RECORD EXCERPTS: Begin
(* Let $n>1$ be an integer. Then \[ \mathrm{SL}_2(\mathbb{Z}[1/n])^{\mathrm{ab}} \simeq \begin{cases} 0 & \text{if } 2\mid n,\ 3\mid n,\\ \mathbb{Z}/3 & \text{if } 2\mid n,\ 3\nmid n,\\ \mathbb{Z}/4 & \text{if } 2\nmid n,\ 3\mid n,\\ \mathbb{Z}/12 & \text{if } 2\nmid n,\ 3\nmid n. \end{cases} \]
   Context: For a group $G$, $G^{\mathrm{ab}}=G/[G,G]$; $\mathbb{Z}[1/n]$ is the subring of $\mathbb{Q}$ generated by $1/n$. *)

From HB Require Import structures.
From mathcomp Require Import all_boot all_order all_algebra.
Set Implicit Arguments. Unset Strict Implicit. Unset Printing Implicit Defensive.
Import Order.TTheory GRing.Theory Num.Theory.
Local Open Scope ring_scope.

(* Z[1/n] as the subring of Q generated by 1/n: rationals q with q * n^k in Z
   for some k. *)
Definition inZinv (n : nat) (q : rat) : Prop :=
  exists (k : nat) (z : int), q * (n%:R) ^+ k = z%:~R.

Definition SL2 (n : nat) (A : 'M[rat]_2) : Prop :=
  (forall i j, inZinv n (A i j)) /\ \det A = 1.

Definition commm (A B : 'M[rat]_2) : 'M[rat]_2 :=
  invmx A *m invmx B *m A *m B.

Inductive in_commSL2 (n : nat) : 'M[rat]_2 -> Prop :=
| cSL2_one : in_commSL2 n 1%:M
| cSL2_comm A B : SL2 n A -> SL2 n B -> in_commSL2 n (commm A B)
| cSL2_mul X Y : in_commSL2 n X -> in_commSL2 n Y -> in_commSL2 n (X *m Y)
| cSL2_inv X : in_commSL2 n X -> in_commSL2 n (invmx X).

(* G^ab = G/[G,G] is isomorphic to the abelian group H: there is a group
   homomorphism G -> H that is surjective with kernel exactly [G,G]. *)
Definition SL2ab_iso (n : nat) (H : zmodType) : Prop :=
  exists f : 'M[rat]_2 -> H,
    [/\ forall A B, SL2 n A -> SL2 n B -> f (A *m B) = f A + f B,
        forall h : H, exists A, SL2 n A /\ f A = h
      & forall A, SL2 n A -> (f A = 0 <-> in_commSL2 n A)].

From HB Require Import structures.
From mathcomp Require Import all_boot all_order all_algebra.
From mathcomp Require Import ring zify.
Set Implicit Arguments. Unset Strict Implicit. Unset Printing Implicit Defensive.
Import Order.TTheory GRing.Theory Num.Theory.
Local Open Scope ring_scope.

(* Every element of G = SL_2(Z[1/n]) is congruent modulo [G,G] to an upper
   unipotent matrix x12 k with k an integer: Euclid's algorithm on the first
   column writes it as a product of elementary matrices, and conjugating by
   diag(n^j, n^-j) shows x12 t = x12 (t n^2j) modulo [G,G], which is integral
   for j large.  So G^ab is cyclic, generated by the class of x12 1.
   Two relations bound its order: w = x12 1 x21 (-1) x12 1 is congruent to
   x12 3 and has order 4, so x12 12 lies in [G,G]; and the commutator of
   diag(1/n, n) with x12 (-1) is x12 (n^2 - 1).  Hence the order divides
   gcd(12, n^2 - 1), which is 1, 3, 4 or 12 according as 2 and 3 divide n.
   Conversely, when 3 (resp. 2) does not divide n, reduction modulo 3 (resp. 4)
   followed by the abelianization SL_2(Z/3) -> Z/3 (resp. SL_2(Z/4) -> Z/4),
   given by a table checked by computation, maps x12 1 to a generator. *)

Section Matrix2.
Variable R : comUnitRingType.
RECORD EXCERPTS: End
● **PROBLEM REQUIREMENTS**
Output exactly what runs from the line with "Two relations bound" to the final line above, both lines included, and nothing else.

● **REPLY TO THE TASK**
   Two relations bound its order: w = x12 1 x21 (-1) x12 1 is congruent to
   x12 3 and has order 4, so x12 12 lies in [G,G]; and the commutator of
   diag(1/n, n) with x12 (-1) is x12 (n^2 - 1).  Hence the order divides
   gcd(12, n^2 - 1), which is 1, 3, 4 or 12 according as 2 and 3 divide n.
   Conversely, when 3 (resp. 2) does not divide n, reduction modulo 3 (resp. 4)
   followed by the abelianization SL_2(Z/3) -> Z/3 (resp. SL_2(Z/4) -> Z/4),
   given by a table checked by computation, maps x12 1 to a generator. *)

Section Matrix2.
Variable R : comUnitRingType.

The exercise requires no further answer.